(Data records)
──────────────────────────────
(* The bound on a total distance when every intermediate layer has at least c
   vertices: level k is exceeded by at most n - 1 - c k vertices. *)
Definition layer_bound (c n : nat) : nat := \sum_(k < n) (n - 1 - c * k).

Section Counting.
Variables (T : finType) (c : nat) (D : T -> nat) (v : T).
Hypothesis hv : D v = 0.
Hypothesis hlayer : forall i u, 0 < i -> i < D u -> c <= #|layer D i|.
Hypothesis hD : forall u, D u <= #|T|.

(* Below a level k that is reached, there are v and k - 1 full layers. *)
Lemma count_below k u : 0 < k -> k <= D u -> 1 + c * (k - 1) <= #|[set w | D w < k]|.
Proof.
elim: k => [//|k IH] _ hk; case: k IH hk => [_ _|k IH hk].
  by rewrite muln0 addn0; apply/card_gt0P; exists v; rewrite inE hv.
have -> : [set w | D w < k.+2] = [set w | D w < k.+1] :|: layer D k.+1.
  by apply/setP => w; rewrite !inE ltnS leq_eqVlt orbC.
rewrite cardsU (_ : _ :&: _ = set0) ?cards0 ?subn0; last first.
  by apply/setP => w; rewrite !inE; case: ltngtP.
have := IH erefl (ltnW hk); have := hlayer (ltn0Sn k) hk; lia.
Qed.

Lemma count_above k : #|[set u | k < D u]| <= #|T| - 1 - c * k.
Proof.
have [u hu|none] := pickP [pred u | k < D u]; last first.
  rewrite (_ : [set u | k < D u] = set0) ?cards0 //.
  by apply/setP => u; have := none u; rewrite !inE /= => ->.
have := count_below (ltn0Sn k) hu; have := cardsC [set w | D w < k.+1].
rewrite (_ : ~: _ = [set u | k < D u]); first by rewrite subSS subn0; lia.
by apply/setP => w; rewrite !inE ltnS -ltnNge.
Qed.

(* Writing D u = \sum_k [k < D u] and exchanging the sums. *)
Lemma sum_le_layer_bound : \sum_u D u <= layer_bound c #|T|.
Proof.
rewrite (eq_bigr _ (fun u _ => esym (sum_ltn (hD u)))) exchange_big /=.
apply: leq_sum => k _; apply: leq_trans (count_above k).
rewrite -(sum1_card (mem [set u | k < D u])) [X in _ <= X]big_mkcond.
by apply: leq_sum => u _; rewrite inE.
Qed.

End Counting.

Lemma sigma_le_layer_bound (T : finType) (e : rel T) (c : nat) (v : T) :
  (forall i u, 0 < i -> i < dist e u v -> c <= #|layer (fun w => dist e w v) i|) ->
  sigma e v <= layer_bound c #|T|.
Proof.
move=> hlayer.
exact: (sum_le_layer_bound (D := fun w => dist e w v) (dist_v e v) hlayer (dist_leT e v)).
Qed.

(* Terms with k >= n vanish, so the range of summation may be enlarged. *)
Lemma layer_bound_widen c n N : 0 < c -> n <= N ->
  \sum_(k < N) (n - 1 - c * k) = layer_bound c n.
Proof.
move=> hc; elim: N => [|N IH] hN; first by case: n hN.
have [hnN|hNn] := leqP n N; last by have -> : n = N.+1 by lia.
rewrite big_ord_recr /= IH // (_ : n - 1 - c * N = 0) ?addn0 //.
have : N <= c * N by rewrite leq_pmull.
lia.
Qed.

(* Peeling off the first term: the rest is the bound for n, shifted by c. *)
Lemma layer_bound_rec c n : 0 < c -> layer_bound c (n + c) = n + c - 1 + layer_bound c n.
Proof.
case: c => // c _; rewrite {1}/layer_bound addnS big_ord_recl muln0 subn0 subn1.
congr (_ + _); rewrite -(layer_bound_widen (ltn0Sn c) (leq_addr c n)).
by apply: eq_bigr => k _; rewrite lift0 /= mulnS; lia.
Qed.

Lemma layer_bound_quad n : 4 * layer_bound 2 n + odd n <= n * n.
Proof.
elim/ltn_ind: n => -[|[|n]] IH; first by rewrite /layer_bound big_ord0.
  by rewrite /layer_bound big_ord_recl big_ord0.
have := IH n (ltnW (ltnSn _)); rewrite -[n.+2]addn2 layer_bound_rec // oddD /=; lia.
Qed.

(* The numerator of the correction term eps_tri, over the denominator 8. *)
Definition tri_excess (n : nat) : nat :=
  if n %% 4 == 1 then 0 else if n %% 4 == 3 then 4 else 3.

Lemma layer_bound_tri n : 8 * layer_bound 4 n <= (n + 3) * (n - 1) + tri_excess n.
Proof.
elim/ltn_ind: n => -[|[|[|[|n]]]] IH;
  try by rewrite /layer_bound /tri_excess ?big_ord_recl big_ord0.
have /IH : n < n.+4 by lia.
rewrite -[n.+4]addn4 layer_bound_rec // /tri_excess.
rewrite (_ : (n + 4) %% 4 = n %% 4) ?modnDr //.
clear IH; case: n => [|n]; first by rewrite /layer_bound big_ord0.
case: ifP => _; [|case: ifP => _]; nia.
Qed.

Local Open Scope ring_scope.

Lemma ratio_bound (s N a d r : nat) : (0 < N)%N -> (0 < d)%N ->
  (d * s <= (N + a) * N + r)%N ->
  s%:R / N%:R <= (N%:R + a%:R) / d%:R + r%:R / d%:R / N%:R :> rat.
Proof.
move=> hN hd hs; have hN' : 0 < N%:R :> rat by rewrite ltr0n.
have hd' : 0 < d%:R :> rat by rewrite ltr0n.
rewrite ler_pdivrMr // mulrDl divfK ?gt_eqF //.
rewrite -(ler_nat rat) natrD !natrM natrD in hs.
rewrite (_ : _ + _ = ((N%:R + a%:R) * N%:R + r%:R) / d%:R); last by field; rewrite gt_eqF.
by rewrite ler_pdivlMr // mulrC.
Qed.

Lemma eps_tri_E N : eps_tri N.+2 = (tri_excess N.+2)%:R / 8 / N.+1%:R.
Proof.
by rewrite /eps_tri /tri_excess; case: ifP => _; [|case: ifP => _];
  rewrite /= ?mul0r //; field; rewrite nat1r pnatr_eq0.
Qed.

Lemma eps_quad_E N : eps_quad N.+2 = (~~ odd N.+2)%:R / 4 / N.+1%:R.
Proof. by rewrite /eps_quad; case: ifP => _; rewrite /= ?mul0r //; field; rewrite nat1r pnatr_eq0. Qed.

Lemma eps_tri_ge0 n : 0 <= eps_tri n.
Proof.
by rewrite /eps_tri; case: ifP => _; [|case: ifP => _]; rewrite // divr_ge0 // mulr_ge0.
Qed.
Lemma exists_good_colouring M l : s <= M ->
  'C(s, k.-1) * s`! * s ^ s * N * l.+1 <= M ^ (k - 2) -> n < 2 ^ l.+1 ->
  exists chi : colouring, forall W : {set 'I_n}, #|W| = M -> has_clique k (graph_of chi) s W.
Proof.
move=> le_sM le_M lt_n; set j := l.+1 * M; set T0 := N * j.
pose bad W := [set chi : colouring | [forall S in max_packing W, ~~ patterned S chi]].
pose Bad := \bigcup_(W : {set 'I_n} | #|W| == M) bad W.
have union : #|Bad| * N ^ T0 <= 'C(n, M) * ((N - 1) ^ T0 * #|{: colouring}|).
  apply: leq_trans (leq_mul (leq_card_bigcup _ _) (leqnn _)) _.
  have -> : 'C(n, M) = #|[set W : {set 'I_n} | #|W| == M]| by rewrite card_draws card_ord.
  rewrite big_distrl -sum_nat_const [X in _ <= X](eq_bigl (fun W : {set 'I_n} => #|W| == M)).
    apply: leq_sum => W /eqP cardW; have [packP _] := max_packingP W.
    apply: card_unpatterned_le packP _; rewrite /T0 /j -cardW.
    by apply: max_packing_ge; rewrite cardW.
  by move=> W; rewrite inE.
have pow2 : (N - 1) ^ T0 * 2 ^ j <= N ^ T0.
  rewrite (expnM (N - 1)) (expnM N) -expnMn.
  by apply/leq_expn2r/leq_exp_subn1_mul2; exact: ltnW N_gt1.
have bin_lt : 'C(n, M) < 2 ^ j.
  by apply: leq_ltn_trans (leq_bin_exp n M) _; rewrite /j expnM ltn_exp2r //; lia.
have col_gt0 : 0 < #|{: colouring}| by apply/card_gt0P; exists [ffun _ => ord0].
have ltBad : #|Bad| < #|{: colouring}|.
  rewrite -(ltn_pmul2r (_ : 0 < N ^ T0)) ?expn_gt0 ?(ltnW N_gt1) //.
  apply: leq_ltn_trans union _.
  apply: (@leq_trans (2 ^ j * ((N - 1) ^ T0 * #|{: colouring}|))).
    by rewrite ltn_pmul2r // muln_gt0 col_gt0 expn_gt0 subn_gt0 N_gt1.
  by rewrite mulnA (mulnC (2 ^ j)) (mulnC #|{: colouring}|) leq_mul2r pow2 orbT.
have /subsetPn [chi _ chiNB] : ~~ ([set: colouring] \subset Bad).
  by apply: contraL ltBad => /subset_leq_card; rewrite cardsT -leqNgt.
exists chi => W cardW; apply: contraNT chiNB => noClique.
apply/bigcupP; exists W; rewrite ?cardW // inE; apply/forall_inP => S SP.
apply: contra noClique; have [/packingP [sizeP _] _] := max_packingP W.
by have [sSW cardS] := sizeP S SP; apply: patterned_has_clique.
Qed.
──────────────────────────────
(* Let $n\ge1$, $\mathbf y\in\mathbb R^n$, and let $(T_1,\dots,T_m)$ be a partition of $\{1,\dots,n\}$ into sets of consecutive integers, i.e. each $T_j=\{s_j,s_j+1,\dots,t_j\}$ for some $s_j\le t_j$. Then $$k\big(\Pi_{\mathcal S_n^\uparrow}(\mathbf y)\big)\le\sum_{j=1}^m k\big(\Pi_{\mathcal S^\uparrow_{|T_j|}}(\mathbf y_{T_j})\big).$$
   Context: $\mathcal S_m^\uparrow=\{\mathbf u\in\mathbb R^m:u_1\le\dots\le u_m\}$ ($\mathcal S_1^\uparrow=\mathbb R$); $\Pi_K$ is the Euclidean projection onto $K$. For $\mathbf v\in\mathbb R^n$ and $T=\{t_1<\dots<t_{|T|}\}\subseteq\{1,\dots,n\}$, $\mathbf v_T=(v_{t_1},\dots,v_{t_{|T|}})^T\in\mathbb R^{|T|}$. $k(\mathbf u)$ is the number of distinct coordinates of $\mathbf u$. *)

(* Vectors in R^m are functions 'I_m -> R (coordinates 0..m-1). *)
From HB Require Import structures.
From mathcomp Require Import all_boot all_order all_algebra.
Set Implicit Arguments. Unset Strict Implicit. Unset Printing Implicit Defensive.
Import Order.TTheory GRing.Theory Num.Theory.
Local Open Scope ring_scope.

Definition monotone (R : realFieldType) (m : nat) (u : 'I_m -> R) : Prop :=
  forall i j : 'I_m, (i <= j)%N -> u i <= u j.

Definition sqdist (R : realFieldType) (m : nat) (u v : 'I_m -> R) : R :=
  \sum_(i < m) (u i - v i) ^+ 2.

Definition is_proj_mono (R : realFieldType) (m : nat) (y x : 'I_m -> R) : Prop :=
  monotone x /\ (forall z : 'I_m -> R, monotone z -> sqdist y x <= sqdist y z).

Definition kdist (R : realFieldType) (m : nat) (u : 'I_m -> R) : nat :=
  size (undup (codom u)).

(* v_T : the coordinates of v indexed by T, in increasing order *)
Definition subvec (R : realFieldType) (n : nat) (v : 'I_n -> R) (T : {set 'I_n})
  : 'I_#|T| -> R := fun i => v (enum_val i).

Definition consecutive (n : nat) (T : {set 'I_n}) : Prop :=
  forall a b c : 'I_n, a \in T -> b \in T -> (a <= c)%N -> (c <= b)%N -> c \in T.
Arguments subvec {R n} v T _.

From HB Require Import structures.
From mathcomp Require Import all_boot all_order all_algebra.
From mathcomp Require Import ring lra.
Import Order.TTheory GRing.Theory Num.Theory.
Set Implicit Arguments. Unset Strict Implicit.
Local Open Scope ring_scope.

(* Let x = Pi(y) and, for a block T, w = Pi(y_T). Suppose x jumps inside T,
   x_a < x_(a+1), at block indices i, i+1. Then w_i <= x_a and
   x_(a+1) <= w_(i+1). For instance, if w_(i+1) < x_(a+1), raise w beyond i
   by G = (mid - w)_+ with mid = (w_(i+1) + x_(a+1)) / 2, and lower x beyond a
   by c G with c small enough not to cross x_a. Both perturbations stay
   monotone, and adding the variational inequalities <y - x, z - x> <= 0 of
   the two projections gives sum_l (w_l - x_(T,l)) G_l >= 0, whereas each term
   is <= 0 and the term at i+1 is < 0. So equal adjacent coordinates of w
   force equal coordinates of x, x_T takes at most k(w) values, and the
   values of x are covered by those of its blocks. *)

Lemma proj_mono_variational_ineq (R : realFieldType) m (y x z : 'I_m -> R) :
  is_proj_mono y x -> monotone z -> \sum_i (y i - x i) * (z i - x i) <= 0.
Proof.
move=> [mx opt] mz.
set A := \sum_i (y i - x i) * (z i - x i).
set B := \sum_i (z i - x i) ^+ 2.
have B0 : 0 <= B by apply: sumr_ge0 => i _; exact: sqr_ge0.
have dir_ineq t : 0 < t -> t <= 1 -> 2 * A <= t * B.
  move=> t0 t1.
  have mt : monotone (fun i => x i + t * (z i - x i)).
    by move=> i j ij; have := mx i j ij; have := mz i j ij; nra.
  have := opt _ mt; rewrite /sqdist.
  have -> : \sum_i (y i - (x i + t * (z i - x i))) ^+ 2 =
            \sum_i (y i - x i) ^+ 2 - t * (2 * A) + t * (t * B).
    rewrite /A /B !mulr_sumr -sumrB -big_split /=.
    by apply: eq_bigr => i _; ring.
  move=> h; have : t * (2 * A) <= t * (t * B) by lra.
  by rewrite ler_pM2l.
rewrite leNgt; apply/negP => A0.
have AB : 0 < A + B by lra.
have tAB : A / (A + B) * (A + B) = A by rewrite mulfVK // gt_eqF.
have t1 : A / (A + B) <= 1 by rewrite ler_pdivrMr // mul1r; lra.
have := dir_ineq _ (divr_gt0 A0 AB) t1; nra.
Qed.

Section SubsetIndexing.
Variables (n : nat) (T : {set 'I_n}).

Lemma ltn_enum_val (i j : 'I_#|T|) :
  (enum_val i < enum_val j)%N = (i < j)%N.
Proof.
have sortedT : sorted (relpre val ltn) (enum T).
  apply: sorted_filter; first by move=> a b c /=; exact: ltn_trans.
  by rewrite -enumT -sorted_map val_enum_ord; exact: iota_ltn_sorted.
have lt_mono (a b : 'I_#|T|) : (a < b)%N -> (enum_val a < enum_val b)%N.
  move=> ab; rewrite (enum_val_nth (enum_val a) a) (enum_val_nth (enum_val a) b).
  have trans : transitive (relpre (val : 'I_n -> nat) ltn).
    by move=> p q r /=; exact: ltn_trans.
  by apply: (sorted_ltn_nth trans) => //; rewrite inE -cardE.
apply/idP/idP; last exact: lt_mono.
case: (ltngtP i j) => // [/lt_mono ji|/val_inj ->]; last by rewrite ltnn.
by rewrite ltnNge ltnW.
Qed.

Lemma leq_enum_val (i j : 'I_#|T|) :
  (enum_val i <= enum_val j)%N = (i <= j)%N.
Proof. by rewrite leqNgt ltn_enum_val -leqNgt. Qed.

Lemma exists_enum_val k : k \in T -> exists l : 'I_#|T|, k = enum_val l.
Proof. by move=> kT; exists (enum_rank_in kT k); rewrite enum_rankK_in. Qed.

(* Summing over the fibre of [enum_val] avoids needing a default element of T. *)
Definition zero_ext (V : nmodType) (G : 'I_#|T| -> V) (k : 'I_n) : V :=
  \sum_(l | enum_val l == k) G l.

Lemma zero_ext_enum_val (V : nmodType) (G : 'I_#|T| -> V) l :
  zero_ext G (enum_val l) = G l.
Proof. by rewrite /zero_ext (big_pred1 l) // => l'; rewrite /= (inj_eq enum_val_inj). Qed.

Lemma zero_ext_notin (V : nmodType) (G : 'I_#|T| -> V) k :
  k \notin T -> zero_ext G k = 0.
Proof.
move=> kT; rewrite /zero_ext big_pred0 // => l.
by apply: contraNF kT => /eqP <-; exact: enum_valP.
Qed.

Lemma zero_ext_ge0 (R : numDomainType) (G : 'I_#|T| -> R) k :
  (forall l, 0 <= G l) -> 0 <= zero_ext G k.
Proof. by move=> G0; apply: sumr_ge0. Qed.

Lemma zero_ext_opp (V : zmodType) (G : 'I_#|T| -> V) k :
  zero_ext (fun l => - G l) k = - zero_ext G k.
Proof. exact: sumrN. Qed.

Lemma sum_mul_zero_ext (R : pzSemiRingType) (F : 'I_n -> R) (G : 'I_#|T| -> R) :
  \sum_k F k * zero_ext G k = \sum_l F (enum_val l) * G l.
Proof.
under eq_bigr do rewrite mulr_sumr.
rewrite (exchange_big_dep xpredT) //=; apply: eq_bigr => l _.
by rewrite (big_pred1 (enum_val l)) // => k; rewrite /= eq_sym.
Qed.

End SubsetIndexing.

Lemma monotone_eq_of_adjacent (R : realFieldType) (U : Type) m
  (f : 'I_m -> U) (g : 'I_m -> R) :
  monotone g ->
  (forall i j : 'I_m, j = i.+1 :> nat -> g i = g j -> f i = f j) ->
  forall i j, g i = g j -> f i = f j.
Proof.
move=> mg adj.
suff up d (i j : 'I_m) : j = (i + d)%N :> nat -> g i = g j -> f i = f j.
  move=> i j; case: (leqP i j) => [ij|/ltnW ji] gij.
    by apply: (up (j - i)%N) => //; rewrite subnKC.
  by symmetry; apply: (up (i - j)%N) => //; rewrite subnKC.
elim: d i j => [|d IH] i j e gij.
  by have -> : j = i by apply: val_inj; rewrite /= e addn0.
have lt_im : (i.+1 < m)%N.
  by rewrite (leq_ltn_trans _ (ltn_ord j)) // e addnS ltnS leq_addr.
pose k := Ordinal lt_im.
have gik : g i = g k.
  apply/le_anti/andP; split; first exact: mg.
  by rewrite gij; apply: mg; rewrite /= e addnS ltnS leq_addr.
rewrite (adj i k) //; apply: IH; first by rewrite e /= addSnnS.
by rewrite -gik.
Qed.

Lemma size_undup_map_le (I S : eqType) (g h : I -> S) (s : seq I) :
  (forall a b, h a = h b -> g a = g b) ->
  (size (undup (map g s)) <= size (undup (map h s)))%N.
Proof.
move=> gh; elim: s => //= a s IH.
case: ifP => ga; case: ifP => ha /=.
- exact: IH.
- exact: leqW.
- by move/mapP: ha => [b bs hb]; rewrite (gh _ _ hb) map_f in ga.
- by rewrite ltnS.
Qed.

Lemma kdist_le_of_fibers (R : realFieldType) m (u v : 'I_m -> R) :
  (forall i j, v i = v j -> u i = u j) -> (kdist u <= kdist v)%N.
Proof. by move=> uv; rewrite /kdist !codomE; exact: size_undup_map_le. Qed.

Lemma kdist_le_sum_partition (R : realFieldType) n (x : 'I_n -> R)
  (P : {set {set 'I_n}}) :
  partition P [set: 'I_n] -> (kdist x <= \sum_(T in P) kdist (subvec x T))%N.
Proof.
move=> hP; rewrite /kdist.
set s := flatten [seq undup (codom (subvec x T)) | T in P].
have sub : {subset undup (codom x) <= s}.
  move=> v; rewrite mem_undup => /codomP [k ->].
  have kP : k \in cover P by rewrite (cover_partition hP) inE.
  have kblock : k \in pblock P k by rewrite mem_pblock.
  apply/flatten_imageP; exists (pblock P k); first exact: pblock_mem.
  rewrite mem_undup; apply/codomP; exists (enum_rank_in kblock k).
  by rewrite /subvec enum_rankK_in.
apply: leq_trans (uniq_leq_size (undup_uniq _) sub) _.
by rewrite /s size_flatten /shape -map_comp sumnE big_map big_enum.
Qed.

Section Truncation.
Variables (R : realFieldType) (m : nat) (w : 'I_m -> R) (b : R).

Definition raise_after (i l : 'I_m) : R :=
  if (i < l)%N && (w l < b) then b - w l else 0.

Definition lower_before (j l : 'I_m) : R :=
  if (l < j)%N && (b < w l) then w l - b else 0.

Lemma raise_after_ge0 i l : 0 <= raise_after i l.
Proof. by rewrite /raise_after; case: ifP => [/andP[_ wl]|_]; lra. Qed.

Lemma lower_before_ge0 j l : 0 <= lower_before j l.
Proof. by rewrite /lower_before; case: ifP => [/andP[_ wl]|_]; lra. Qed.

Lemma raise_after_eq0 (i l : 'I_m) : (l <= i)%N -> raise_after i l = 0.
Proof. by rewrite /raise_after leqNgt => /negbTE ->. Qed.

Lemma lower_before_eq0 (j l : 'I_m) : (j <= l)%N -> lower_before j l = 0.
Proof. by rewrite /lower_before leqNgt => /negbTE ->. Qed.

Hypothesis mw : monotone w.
──────────────────────────────
WHAT YOU SHOULD DO >> Look through the entries above, and wherever a line holds the word "elim", copy it.

SOLUTION TO THE EXERCISE >>
elim: k => [//|k IH] _ hk; case: k IH hk => [_ _|k IH hk].
move=> hc; elim: N => [|N IH] hN; first by case: n hN.
elim/ltn_ind: n => -[|[|n]] IH; first by rewrite /layer_bound big_ord0.
elim/ltn_ind: n => -[|[|[|[|n]]]] IH;
elim: d i j => [|d IH] i j e gij.
move=> gh; elim: s => //= a s IH.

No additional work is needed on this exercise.